Ce rapport système contient des informations précieuses pour un attaquant. Il inclut notamment les identifiants de connexion utilisés par le plugin pour interagir avec des services d’email tiers (comme SendGrid, Mailgun ou Amazon SES). Ces identifiants, une fois compromis, permettent aux pirates de se faire passer pour le propriétaire légitime du site et d’envoyer des emails en son nom. Mais ce n’est pas tout : le rapport révèle aussi la version exacte de WordPress, des thèmes, des plugins installés et même des configurations spécifiques. Ces données facilitent grandement la planification d’attaques ciblées, car elles permettent aux cybercriminels d’identifier les failles connues des versions logicielles utilisées. En d’autres termes, une faille classée comme “moyenne” peut servir de tremplin pour des attaques bien plus graves.

Une exploitation massive depuis début juin

L’exploitation de cette vulnérabilité a connu une augmentation spectaculaire début juin 2025. Selon les données collectées par Wordfence, plus de 4 millions de tentatives d’exploitation ont été bloquées rien que le 7 juin, avec des pics similaires observés les jours suivants. Ces attaques proviennent de plusieurs adresses IP identifiées comme sources principales. Les administrateurs de sites WordPress peuvent donc renforcer leur protection en ajoutant ces adresses à leur liste de blocage au niveau du pare-feu ou du serveur web.
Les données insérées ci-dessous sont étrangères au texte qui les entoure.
(* Let $\bm{L}\in\mathbb{R}^{m\times n}$ have rank $r$ and compact SVD $\bm{L}=\bm{W}_{\bm{L}}\bm{\Sigma}_{\bm{L}}\bm{V}_{\bm{L}}^T$, and suppose $\max_{i}\|\bm{W}_{\bm{L}}^T\bm{e}_i\|_2\leq\sqrt{\mu_1(\bm{L}) r/m}$ and $\max_{i}\|\bm{V}_{\bm{L}}^T\bm{e}_i\|_2\leq\sqrt{\mu_2(\bm{L}) r/n}$. Let $J\subseteq[n]$ and $\bm{C}=\bm{L}(:,J)$. Then \begin{enumerate} \item $\|\bm{C}\|_2\leq\sqrt{\frac{\mu_2(\bm{L})r|J|}{n}}\,\|\bm{L}\|_2$; \item $\kappa(\bm{C})\leq\sqrt{\mu_2(\bm{L}) r}\,\kappa(\bm{L})\sqrt{\frac{|J|}{n}}\,\|\bm{V}_{\bm{L}}(J,:)^\dagger\|_2$. \end{enumerate}
   Context: $[n]=\{1,\dots,n\}$; $\bm{A}(I,J)$ denotes a submatrix ('':'' meaning all indices); $\bm{A}^\dagger$ is the Moore–Penrose pseudoinverse; $\kappa(\bm{A})=\|\bm{A}\|_2\|\bm{A}^\dagger\|_2=\sigma_{\max}(\bm{A})/\sigma_{\min}(\bm{A})$ with $\sigma_{\min}$ the smallest nonzero singular value. *)

From HB Require Import structures.
From mathcomp Require Import all_boot all_order all_algebra.
From mathcomp Require Import boolp classical_sets reals.
Set Implicit Arguments. Unset Strict Implicit. Unset Printing Implicit Defensive.
Import Order.TTheory GRing.Theory Num.Theory.
Local Open Scope ring_scope.
Local Open Scope classical_set_scope.

Section Defs.
Variable R : realType.

Definition vnorm2 n (x : 'cV[R]_n) : R := Num.sqrt (\sum_(i < n) x i 0 ^+ 2).

Definition opnorm2 m n (A : 'M[R]_(m, n)) : R :=
  sup [set y : R | exists x : 'cV[R]_n, vnorm2 x <= 1 /\ y = vnorm2 (A *m x)].

Definition penrose m n (A : 'M[R]_(m, n)) (X : 'M[R]_(n, m)) : Prop :=
  [/\ A *m X *m A = A, X *m A *m X = X,
      (A *m X)^T = A *m X & (X *m A)^T = X *m A].

Definition pinv m n (A : 'M[R]_(m, n)) : 'M[R]_(n, m) := xget 0 [set X | penrose A X].
Section SymmetricTrilinear.
Variables (C : V -> V -> V -> R) (M : R).
Hypothesis C_lin : forall v w, linear_for *%R (fun u => C u v w).
Hypothesis C12 : forall u v w, C u v w = C v u w.
Hypothesis C23 : forall u v w, C u v w = C u w v.
Hypothesis C_le : forall u v w, `|u| <= 1 -> `|v| <= 1 -> `|w| <= 1 -> `|C u v w| <= M.

Lemma trilin_lin2 u w : linear_for *%R (fun v => C u v w).
Proof. by move=> a x y; rewrite !(C12 u) C_lin. Qed.

Lemma trilin_lin3 u v : linear_for *%R (C u v).
Proof. by move=> a x y; rewrite !(C23 u v) trilin_lin2. Qed.

Lemma trilin_le_norm u v w : `|C u v w| <= M * `|u| * `|v| * `|w|.
Proof.
have le1 v' w' : `|v'| <= 1 -> `|w'| <= 1 -> forall u', `|C u' v' w'| <= M * `|u'|.
  by move=> v1 w1; apply: (lin_fun_le_norm (C_lin v' w')) => u' u1; exact: C_le.
have le2 w' : `|w'| <= 1 -> forall u' v', `|C u' v' w'| <= M * `|u'| * `|v'|.
  by move=> w1 u'; apply: (lin_fun_le_norm (trilin_lin2 u' w')) => v' v1; exact: le1.
by apply: (lin_fun_le_norm (trilin_lin3 u v)) => w' w1; exact: le2.
Qed.

Lemma trilin_sqrD u v w : C (u + v) (u + v) w = C u u w + 2 * C u v w + C v v w.
Proof.
rewrite (lin_funD (C_lin _ _)) !(lin_funD (trilin_lin2 _ _)) (C12 v u); ring.
Qed.

Definition norming a b c := [/\ `|a| = 1, `|b| = 1, `|c| = 1 & C a b c = M].

Lemma norming_swap12 a b c : norming a b c -> norming b a c.
Proof. by case=> *; split; rewrite // C12. Qed.
(* Let $n\ge 1$ and $h\ge 1$ be integers. Let $\mathcal{B}$ be the set of $(2n+1)\times(2n+1)$ integer matrices $B=(B_{i,j})_{i,j\in\{-n,\ldots,n\}}$ (rows and columns indexed by $-n,\ldots,n$) such that: $B_{i,i+1}=1$ for $i\in\{-n,\ldots,0\}$; $B_{i,i+1}=h$ for $i\in\{1,\ldots,n-1\}$; $B_{i,j}\in\{0,1,\ldots,h-1\}$ for $i\in\{1,\ldots,n\}$ and $j\in\{-n,\ldots,-1\}$ (these $n^2$ entries are arbitrary in this range); and all other entries of $B$ are $0$. Let $\mathcal{P}$ be the set of monic integer polynomials of the form $$t^{2n+1}-a_{2n-2}t^{2n-2}-a_{2n-3}t^{2n-3}-\cdots-a_1t-a_0$$ (so the coefficients of $t^{2n}$ and $t^{2n-1}$ are zero) where $a_{2n-k}\in\{0,1,\ldots,h^{k-1}-1\}$ for each $k\in\{2,\ldots,n+1\}$, and $a_{n-k}/h^{k-1}\in\{0,1,\ldots,h^{n-k+1}-1\}$ for each $k\in\{2,\ldots,n\}$. Then the map $B\mapsto\det(tI-B)$ is a bijection from $\mathcal{B}$ onto $\mathcal{P}$.
   Context: $\det(tI-B)$ is the (monic) characteristic polynomial of $B$. *)

From HB Require Import structures.
From mathcomp Require Import all_boot all_order all_algebra.
Set Implicit Arguments. Unset Strict Implicit. Unset Printing Implicit Defensive.
Import Order.TTheory GRing.Theory Num.Theory.
Local Open Scope ring_scope.

(* Rows/columns indexed by {-n,...,n} are encoded by 'I_(2n+1):
   the ordinal i represents the integer index  i - n. *)
Definition idx (n : nat) (i : 'I_(n.*2.+1)) : int := (i : nat)%:Z - n%:Z.
(* Let $\mathcal C$ be an $R$-coring satisfying the left $\alpha$-condition. The following are equivalent: (i) $\mathrm{Rat}^{\mathcal C}({}^*\mathcal C)$ is dense in ${}^*\mathcal C$ in the $\mathcal C$-adic topology; (ii) $\mathrm{Rat}^{\mathcal C}({}^*\mathcal C)$ is dense in ${}^*\mathcal C$ in the finite topology; (iii) $\mathrm{Rat}^{\mathcal C}$ is an exact functor.
   Context: An $R$-coring is a triple $(\mathcal C,\Delta,\varepsilon)$ with $\mathcal C$ an $R$-bimodule and $\Delta:\mathcal C\to\mathcal C\otimes_R\mathcal C$, $\varepsilon:\mathcal C\to R$ coassociative and counital $R$-bimodule maps; write $\Delta(c)=c_{(1)}\otimes_R c_{(2)}$. ${}^*\mathcal C={}_R\mathrm{Hom}(\mathcal C,R)$ is a ring with product $(f\#g)(c)=g(c_{(1)}f(c_{(2)}))$ and unit $\varepsilon$. A right $\mathcal C$-comodule is a right $R$-module $N$ with a right $R$-linear coassociative counital map $N\to N\otimes_R\mathcal C$, $n\mapsto n_{[0]}\otimes n_{[1]}$; it is a right ${}^*\mathcal C$-module via $n\cdot f=n_{[0]}f(n_{[1]})$; in particular $\mathcal C$ is a right ${}^*\mathcal C$-module via $c\cdot f=c_{(1)}f(c_{(2)})$. $\mathcal C$ satisfies the left $\alpha$-condition if it is locally projective as a left $R$-module, equivalently for every right $R$-module $N$ the map $N\otimes_R\mathcal C\to\mathrm{Hom}_R({}^*\mathcal C,N)$, $n\otimes c\mapsto(f\mapsto nf(c))$, is injective; then the category $\mathcal M^{\mathcal C}$ of right comodules is a full subcategory of right ${}^*\mathcal C$-modules (equal to $\sigma[\mathcal C_{{}^*\mathcal C}]$). For a right ${}^*\mathcal C$-module $M$, $\mathrm{Rat}^{\mathcal C}(M)$ is the set of $m\in M$ for which there is $\sum_i m_i\otimes c_i\in M\otimes_R\mathcal C$ with $m\cdot f=\sum_i m_if(c_i)$ for all $f\in{}^*\mathcal C$; it is the largest ${}^*\mathcal C$-submodule of $M$ that is a right $\mathcal C$-comodule inducing the given action, and $\mathrm{Rat}^{\mathcal C}$ is a left exact functor from right ${}^*\mathcal C$-modules to $\mathcal M^{\mathcal C}$. Here ${}^*\mathcal C$ is regarded as a right module over itself. The finite topology on ${}^*\mathcal C={}_R\mathrm{Hom}(\mathcal C,R)$ has basic open sets $\{g\mid g(c)=f(c)\ \forall c\in F\}$, $F\subseteq\mathcal C$ finite. The $\mathcal C$-adic topology on ${}^*\mathcal C$ is the topology induced via $f\mapsto(c\mapsto c\cdot f)$ by the finite topology on $\mathrm{End}_{\mathbb Z}(\mathcal C)$; its basic open sets are $\{g\mid c\cdot g=c\cdot f\ \forall c\in F\}$, $F\subseteq\mathcal C$ finite. *)

From HB Require Import structures.
From mathcomp Require Import all_boot all_order all_algebra.
From Stdlib Require List.
Set Implicit Arguments. Unset Strict Implicit. Unset Printing Implicit Defensive.
Import GRing.Theory.
Local Open Scope ring_scope.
Un autre indicateur clé de compromission a été identifié : la présence de requêtes HTTP vers l’URL /wp-json/gravitysmtp/v1/tests/mock-data, souvent accompagnée du paramètre ?page=gravitysmtp-settings. Toute entrée de ce type dans les logs du serveur web doit être considérée comme un signal d’alerte. Si ces requêtes sont détectées, il est impératif de vérifier immédiatement si le site a été compromis et de procéder à la mise à jour du plugin.

Cette vague d’attaques intervient alors qu’une autre faille critique, cette fois dans le plugin Avada Builder (utilisé sur un million de sites), a été signalée simultanément. Bien que distincte, cette coïncidence illustre une tendance préoccupante : les cybercriminels ciblent massivement les plugins WordPress, souvent négligés dans les stratégies de sécurité, pour infiltrer des milliers de sites en peu de temps.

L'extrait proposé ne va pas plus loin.